Yes, that is the doctor's decision based on their review of your chart and the type of surgery you are having.
Premedication is very important in anesthesia. In the past, all patients were premedicated before arriving. I believe because of cost, this changed. But a well premedicated patient is more cooperative and have less complications.
Yes, to some degree. It also depends on patient's status and if procedure or surgery is going to be long or short and amount of stress it will inflict on the body.
Your anesthesiologist decides what premedication, if any, to give you prior
to general anesthesia for your surgery.
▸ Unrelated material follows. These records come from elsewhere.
Lemma filterlim_0_Rabs_le (f g : T -> R) :
  F (fun x => Rabs (f x) <= g x) -> filterlim g F (locally 0) ->
  filterlim f F (locally 0).
Proof.
  intros Hfg Hg. apply (filterlim_le_le (fun x => -1 * g x) f g (Finite 0)).
  - generalize Hfg. apply filter_imp. intros x Hx.
    apply Rabs_le_between in Hx. lra.
  - exact (filterlim_Rmult_l_0 (-1) g Hg).
  - exact Hg.
Qed.

End Limits.

Lemma filterlim_Rmult_at_right_0 (c : R) :
  0 < c -> filterlim (fun x => c * x) (at_right 0) (at_right 0).
Proof.
  intros Hc P [d Hd]. exists (mkposreal (d / c) (Rdiv_lt_0_compat _ _ (cond_pos d) Hc)).
  intros y Hy Hpos. simpl in Hy. rewrite ball_R, Rminus_0_r in Hy.
  apply Hd; [| nra]. rewrite ball_R, Rminus_0_r, Rabs_mult, (Rabs_right c) by lra.
  apply (Rmult_lt_compat_l c) in Hy; [| exact Hc].
  replace (c * (d / c)) with (pos d) in Hy by (field; lra). exact Hy.
Qed.

Lemma filterlim_Rmult_pinfty (c : R) :
  0 < c -> filterlim (fun x => c * x) (Rbar_locally p_infty) (Rbar_locally p_infty).
Proof.
  intros Hc P [N HN]. exists (N / c). intros x Hx. apply HN.
  apply (Rmult_lt_compat_l c) in Hx; [| exact Hc].
  replace (c * (N / c)) with N in Hx by (field; lra). exact Hx.
Qed.

Lemma filterlim_Rdiv_at_right_0 (w : R) :
  0 < w -> filterlim (fun x => w / x) (at_right 0) (Rbar_locally p_infty).
Proof.
  intros Hw. exact (filterlim_comp _ _ _ Rinv (Rmult w) _ (Rbar_locally p_infty) _
    filterlim_Rinv_0_right (filterlim_Rmult_pinfty w Hw)).
Qed.

Lemma filterlim_Rdiv_pinfty (w : R) :
  0 < w -> filterlim (fun x => w / x) (Rbar_locally p_infty) (at_right 0).
Proof.
  intros Hw P [d Hd]. pose proof (cond_pos d) as Hd0.
  exists (w / d). intros x Hx.
  assert (Hx0 : 0 < x) by (pose proof (Rdiv_lt_0_compat w d Hw Hd0); lra).
  apply Hd; [| now apply Rdiv_lt_0_compat].
  rewrite ball_R, Rminus_0_r, Rabs_right by (apply Rle_ge, Rlt_le, Rdiv_lt_0_compat; lra).
  apply (Rmult_lt_compat_l d) in Hx; [| exact Hd0].
  replace (d * (w / d)) with w in Hx by (field; lra).
  apply (Rmult_lt_reg_r x); [exact Hx0 |]. replace (w / x * x) with w by (field; lra). exact Hx.
Qed.

Lemma filterlim_div_of_derive_at_right_0 (E E' : R -> R) :
  (forall z, 0 < z -> is_derive E z (E' z)) ->
  filterlim E (at_right 0) (locally 0) -> filterlim E' (at_right 0) (locally 0) ->
  filterlim (fun z => E z / z) (at_right 0) (locally 0).
Proof.
  intros HD HE HE'. apply filterlim_locally. intros eps.
  assert (He : 0 < eps / 2) by (destruct eps; simpl; lra).
  destruct (proj1 (filterlim_locally _ _) HE' (mkposreal _ He)) as [d Hd].
  assert (Hd2 : 0 < d / 2) by (pose proof (cond_pos d); lra).
  generalize (at_right_0_lt (d / 2) Hd2). apply filter_imp. intros z Hz.
  assert (Hmvt : forall y, 0 < y < z -> Rabs (E z - E y) <= eps / 2 * z).
  { intros y Hy.
    destruct (MVT_cor4 E E' z (z - y)) with (b := y) as [c [Hc1 Hc2]].
    { intros c Hc. apply HD. apply Rabs_le_between' in Hc. lra. }
    { rewrite Rabs_left by lra. lra. }
    rewrite (Rabs_left (y - z)) in Hc2 by lra. apply Rabs_le_between' in Hc2.
    assert (HE'c : Rabs (E' c) < eps / 2).
    { rewrite <- (Rminus_0_r (E' c)). rewrite <- ball_R.
      apply Hd; [rewrite ball_R; rewrite Rminus_0_r, Rabs_right |]; lra. }
    rewrite <- Rabs_Ropp, Ropp_minus_distr, Hc1, Rabs_mult, (Rabs_left (y - z)) by lra.
    apply Rmult_le_compat; try lra; apply Rabs_pos. }
  assert (Hlim : filterlim (fun y => Rabs (E z - E y)) (at_right 0) (locally (Rabs (E z - 0)))).
  { apply (filterlim_comp _ _ _ E (fun u => Rabs (E z - u)) _ (locally 0)); [exact HE |].
    apply (continuous_comp (fun u => E z - u) Rabs); [| apply continuous_Rabs].
    apply (ex_derive_continuous (fun u => E z - u)). auto_derive. auto. }
  assert (Hbound := filterlim_le (fun y => Rabs (E z - E y)) (fun _ => eps / 2 * z)
    (Rabs (E z - 0)) (eps / 2 * z)
    ltac:(generalize (at_right_0_lt z (proj1 Hz)); apply filter_imp; exact Hmvt)
    Hlim (filterlim_const _)).
  simpl in Hbound. rewrite Rminus_0_r in Hbound.
  rewrite ball_R. rewrite Rminus_0_r. unfold Rdiv. rewrite Rabs_mult, Rabs_inv, (Rabs_right z) by lra.
  apply (Rmult_lt_reg_r z); [lra |]. rewrite Rmult_assoc, Rinv_l, Rmult_1_r by lra.
  destruct eps as [e Hep]. simpl in *. nra.
Qed.

(** * Improper integrals over (0, +oo) *)

Notation is_RInt_0oo f l := (is_RInt_gen f (at_right 0) (Rbar_locally p_infty) l).
Notation RInt_0oo f := (RInt_gen f (at_right 0) (Rbar_locally p_infty)).

Lemma filter_prod_0oo :
  filter_prod (at_right 0) (Rbar_locally p_infty) (fun ab => 0 < fst ab < 1 /\ 1 < snd ab).
Proof.
  apply (Filter_prod _ _ _ (fun x => 0 < x < 1) (fun x => 1 < x)).
  - apply at_right_0_lt; lra.
  - exists 1; auto.
  - simpl; tauto.
Qed.

Lemma is_RInt_0oo_ext (f g : R -> R) (l : R) :
  (forall x, 0 < x -> f x = g x) -> is_RInt_0oo f l -> is_RInt_0oo g l.
Proof.
  intros Hfg. apply is_RInt_gen_ext.
  generalize filter_prod_0oo. apply filter_imp. intros [a b] [Ha Hb] x Hx; simpl in *.
  rewrite Rmin_left, Rmax_right in Hx by lra. apply Hfg; lra.
Qed.

Lemma is_RInt_0oo_unique (f : R -> R) (l : R) : is_RInt_0oo f l -> RInt_0oo f = l.
Proof. apply (is_RInt_gen_unique (V := R_CompleteNormedModule)). Qed.

Lemma is_RInt_0oo_unique_eq (f : R -> R) (l1 l2 : R) :
  is_RInt_0oo f l1 -> is_RInt_0oo f l2 -> l1 = l2.
Proof. intros H1 H2. now rewrite <- (is_RInt_0oo_unique f l1 H1), (is_RInt_0oo_unique f l2 H2). Qed.

Lemma is_RInt_0oo_plus (f g : R -> R) (lf lg : R) :
  is_RInt_0oo f lf -> is_RInt_0oo g lg -> is_RInt_0oo (fun x => f x + g x) (lf + lg).
Proof. apply (is_RInt_gen_plus (V := R_NormedModule)). Qed.

Lemma is_RInt_0oo_minus (f g : R -> R) (lf lg : R) :
  is_RInt_0oo f lf -> is_RInt_0oo g lg -> is_RInt_0oo (fun x => f x - g x) (lf - lg).
Proof. apply (is_RInt_gen_minus (V := R_NormedModule)). Qed.

Lemma is_RInt_0oo_scal (c : R) (f : R -> R) (l : R) :
  is_RInt_0oo f l -> is_RInt_0oo (fun x => c * f x) (c * l).
Proof. apply (is_RInt_gen_scal (V := R_NormedModule)). Qed.

Lemma is_RInt_0oo_Rabs_le (f g : R -> R) (lf lg : R) :
  (forall x, 0 < x -> Rabs (f x) <= g x) ->
  is_RInt_0oo f lf -> is_RInt_0oo g lg -> Rabs lf <= lg.
Proof.
  intros Hfg. apply (RInt_gen_norm (V := R_CompleteNormedModule)).
  - generalize filter_prod_0oo. apply filter_imp. intros [a b]; simpl; lra.
  - generalize filter_prod_0oo. apply filter_imp. intros [a b] [Ha Hb] x Hx; simpl in *.
    apply Hfg; lra.
Qed.

Lemma is_RInt_0oo_ge0 (f : R -> R) (l : R) :
  (forall x, 0 < x -> 0 <= f x) -> is_RInt_0oo f l -> 0 <= l.
Proof.
  intros Hf Hl. pose proof (Rabs_pos l).
  assert (Rabs l <= l) by (apply (is_RInt_0oo_Rabs_le f f l l); auto;
    intros x Hx; rewrite Rabs_right; [lra | apply Rle_ge, Hf, Hx]).
  lra.
Qed.

Lemma is_RInt_0oo_le (f g : R -> R) (lf lg : R) :
  (forall x, 0 < x -> f x <= g x) -> is_RInt_0oo f lf -> is_RInt_0oo g lg -> lf <= lg.
Proof.
  intros Hfg Hf Hg.
  enough (0 <= lg - lf) by lra.
  apply (is_RInt_0oo_ge0 (fun x => g x - f x)); [| now apply is_RInt_0oo_minus].
  intros x Hx. specialize (Hfg x Hx). lra.
Qed.

Lemma is_RInt_0oo_primitive (f G : R -> R) (l0 loo : R) :
  (forall a b, 0 < a -> a < b -> is_RInt f a b (G b - G a)) ->
  filterlim G (at_right 0) (locally l0) -> filterlim G (Rbar_locally p_infty) (locally loo) ->
  is_RInt_0oo f (loo - l0).
Proof.
  intros HG H0 Hoo.
  apply (filterlimi_lim_ext_loc (fun ab => G (snd ab) - G (fst ab))).
  - generalize filter_prod_0oo. apply filter_imp. intros [a b] [Ha Hb]; simpl in *.
    apply HG; lra.
  - replace (loo - l0) with (loo + -1 * l0) by ring.
    apply (filterlim_ext (fun ab => G (snd ab) + -1 * G (fst ab))); [intros; ring |].
    apply filterlim_Rplus; [| apply filterlim_Rmult_l]; eapply filterlim_comp;
      [apply filterlim_snd | exact Hoo | apply filterlim_fst | exact H0].
Qed.

Lemma is_RInt_0oo_derive (f F : R -> R) (l0 loo : R) :
  (forall x, 0 < x -> is_derive F x (f x) /\ continuous f x) ->
  filterlim F (at_right 0) (locally l0) -> filterlim F (Rbar_locally p_infty) (locally loo) ->
  is_RInt_0oo f (loo - l0).
Proof.
  intros HF. apply is_RInt_0oo_primitive. intros a b Ha Hab.
  apply (is_RInt_derive F f a b); intros x Hx;
    rewrite Rmin_left, Rmax_right in Hx by lra; apply HF; lra.
Qed.

Lemma filterlimi_imp {T U : Type} (F : (T -> Prop) -> Prop) {FF : Filter F}
  (G : (U -> Prop) -> Prop) (g1 g2 : T -> U -> Prop) :
  F (fun x => forall y, g1 x y -> g2 x y) -> filterlimi g1 F G -> filterlimi g2 F G.
Proof.
  intros Himp H P HP. specialize (H P HP). unfold filtermapi in *.
  generalize (filter_and _ _ Himp H). apply filter_imp.
  intros x [H1 [y [H2 H3]]]. exists y; auto.
Qed.

Lemma is_RInt_0oo_comp_incr (f phi dphi : R -> R) (l : R) :
  (forall x, 0 < x -> continuous f x) ->
  (forall u, 0 < u -> 0 < phi u /\ is_derive phi u (dphi u) /\ continuous dphi u) ->
  filterlim phi (at_right 0) (at_right 0) ->
  filterlim phi (Rbar_locally p_infty) (Rbar_locally p_infty) ->
  is_RInt_0oo f l -> is_RInt_0oo (fun u => dphi u * f (phi u)) l.
Proof.
  intros Hf Hphi H0 Hoo Hl.
  assert (Hends : filterlim (fun ab : R * R => (phi (fst ab), phi (snd ab)))
    (filter_prod (at_right 0) (Rbar_locally p_infty))
    (filter_prod (at_right 0) (Rbar_locally p_infty))).
  { apply filterlim_pair; eapply filterlim_comp;
      [apply filterlim_fst | exact H0 | apply filterlim_snd | exact Hoo]. }
  refine (filterlimi_imp _ _ _ _ _ (filterlimi_comp _ _ _ _ _ _ _ _ Hends Hl)).
  generalize filter_prod_0oo. apply filter_imp. intros [a b] [Ha Hb] v Hv; simpl in *.
  assert (Hc := is_RInt_comp f phi dphi a b).
  rewrite Rmin_left, Rmax_right, (is_RInt_unique f _ _ v Hv) in Hc by lra.
  apply (is_RInt_ext (fun u => scal (dphi u) (f (phi u)))); [easy |].
  apply Hc; intros x Hx; [apply Hf |]; apply Hphi; lra.
Qed.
This decision may be based on your
state of health, level of alertness, degree of disability, time of day,
concomitant use of medications (drug interactions) and other factors. Of
course, communicating your concerns, apprehensions, anxiety and nervousness
to your anesthesiologist and requesting a calming medication before surgery
are good ways to insure receiving that medication if you so desire.
Anesthesia is not cook book. It is an art form. Each physician has their own formula. So the short answer is yes Doctor preference.
Each anaesthetic is different and each doctor has a preference as well. We certainly give relaxing medication if the patient looks anxious, but also we give it to augment the effect of anesthetic drugs we use. In some cases, giving relaxing medication allows us to use less anaesthetic drugs yet get the same effect, thereby reducing the amount of drugs given to a patient.

Giving premedication depends on circumstances, medical conditions, patient's level of anxiety and type of surgery. There are no rigid guidelines and sometimes, it depends on the provider preference.

I hope that helps.

Dr Ketch
It could be physician preference, age related contraindication, or short outpatient procedure.